* Assigned task: Return, from the data that follows, each line that holds the word "Lemma".

++++ Provided entries ++++

Lemma rank_off_cubic_quadric (h c : 'rV[F]_4) :
  eval4 cubic_quadric h != 0 -> c != 0 -> eval4 cubic_quadric c = 0 ->
  \rank (col_mx h c) = 2%N.
Proof.
move=> hQ c0 cQ; apply: rank_col_mx_rV.
  by apply: contraNneq hQ => ->; rewrite eval4_cubic_quadric !mxE mul0r expr0n subr0.
apply/negP => /sub_rVP [l cE]; move: cQ c0.
rewrite cE eval4_cubic_quadricZ => /eqP; rewrite mulf_eq0 (negbTE hQ) orbF.
by rewrite expf_eq0 /= => /eqP ->; rewrite scale0r eqxx.
Qed.

Definition veronese_col k (s t : F) : 'cV[F]_(k + 4) :=
  \col_(m < k + 4) (s ^+ (k + 3 - m) * t ^+ m).

Lemma tM_mulmx_veronese k (x : 'rV[F]_4) (s t : F) (i : 'I_k.+1) :
  (tM k x *m veronese_col k s t) i 0 = s ^+ (k - i) * t ^+ i * pair4 (cubic_pt s t) x.
Proof.
pose G j := (if (i <= j)%N && (j - i < 4)%N then x 0 (inord (j - i)) else 0)
   * (s ^+ (k + 3 - j) * t ^+ j).
rewrite mxE (eq_bigr (G \o val)) => [|j _]; last by rewrite !mxE.
have ik : (i <= k)%N by rewrite -ltnS.
rewrite -(big_mkord xpredT G) (big_cat_nat (n := i)) /=; [|lia|lia].
rewrite big_nat_cond big1 ?add0r; last first.
  by move=> j /andP [/andP [_ ji] _]; rewrite /G leqNgt ji mul0r.
rewrite (big_cat_nat (n := i + 4)) /=; [|lia|lia].
rewrite [X in _ + X]big_nat_cond [X in _ + X]big1 ?addr0; last first.
  move=> j /andP [/andP [ij _] _].
  by rewrite /G [(j - i < 4)%N]ltnNge (_ : (4 <= j - i)%N) ?andbF ?mul0r //; lia.
rewrite -{1}(add0n i) big_addn addKn big_mkord /pair4 mulr_sumr.
apply: eq_bigr => l _; rewrite /G leq_addl addnK ltn_ord inord_val !mxE.
have -> : (k + 3 - (l + i) = (k - i) + (3 - l))%N by have := ltn_ord l; lia.
by rewrite !exprD /=; ring.
Qed.

Lemma tM_veronese_ker k (x : 'rV[F]_4) (s t : F) :
  pair4 (cubic_pt s t) x = 0 -> tM k x *m veronese_col k s t = 0.
Proof.
by move=> cx; apply/matrixP => i j; rewrite ord1 tM_mulmx_veronese cx mulr0 mxE.
Qed.

Lemma veronese_col_neq0 k (s t : F) : (s, t) != (0, 0) -> veronese_col k s t != 0.
Proof.
apply: contraNneq => v0.
have lt0 : (0 < k + 4)%N by rewrite addn4.
have lt_last : (k + 3 < k + 4)%N by rewrite ltn_add2l.
have /eqP := congr1 (fun v : 'cV[F]_(k + 4) => v (Ordinal lt0) 0) v0.
have /eqP := congr1 (fun v : 'cV[F]_(k + 4) => v (Ordinal lt_last) 0) v0.
rewrite !mxE /= subnn expr0 mulr1 mul1r !expf_eq0 addn3 /= => /eqP -> /eqP -> //.
Qed.

End TwistedCubic.

Section Unstable.
Context {F : closedFieldType}.

Lemma not_coprimep_common_root (A B : {poly F}) :
  ~~ coprimep A B -> exists x, root A x && root B x.
Proof. by move=> /closed_rootP [x]; rewrite root_gcd; exists x. Qed.

Lemma tM_ker_not_coprimep k (a b : 'rV[F]_4) (v : 'cV[F]_(k + 4)) :
    (2 <= k)%N -> a 0 (inord 3) != 0 -> v != 0 ->
    tM k a *m v = 0 -> tM k b *m v = 0 ->
  ~~ coprimep (cubic_poly a) (cubic_poly b).
Proof.
move=> k2 a3 v0 av0 bv0; apply: contra v0 => cop.
apply/eqP/poly_rV_mulmx_eq0 => p sp.
have [||||u [w [su sw ->]]] := coprimep_comb (p := p) (n := k) (d := 3) cop.
- exact: size_poly_eq.
- exact: size_poly.
- by rewrite ltnS.
- by [].
by rewrite linearD mulmxDl !tM_ker_poly_rV ?addr0.
Qed.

++++

* Response below:
Lemma rank_off_cubic_quadric (h c : 'rV[F]_4) :
Lemma tM_mulmx_veronese k (x : 'rV[F]_4) (s t : F) (i : 'I_k.+1) :
Lemma tM_veronese_ker k (x : 'rV[F]_4) (s t : F) :
Lemma veronese_col_neq0 k (s t : F) : (s, t) != (0, 0) -> veronese_col k s t != 0.
Lemma not_coprimep_common_root (A B : {poly F}) :
Lemma tM_ker_not_coprimep k (a b : 'rV[F]_4) (v : 'cV[F]_(k + 4)) :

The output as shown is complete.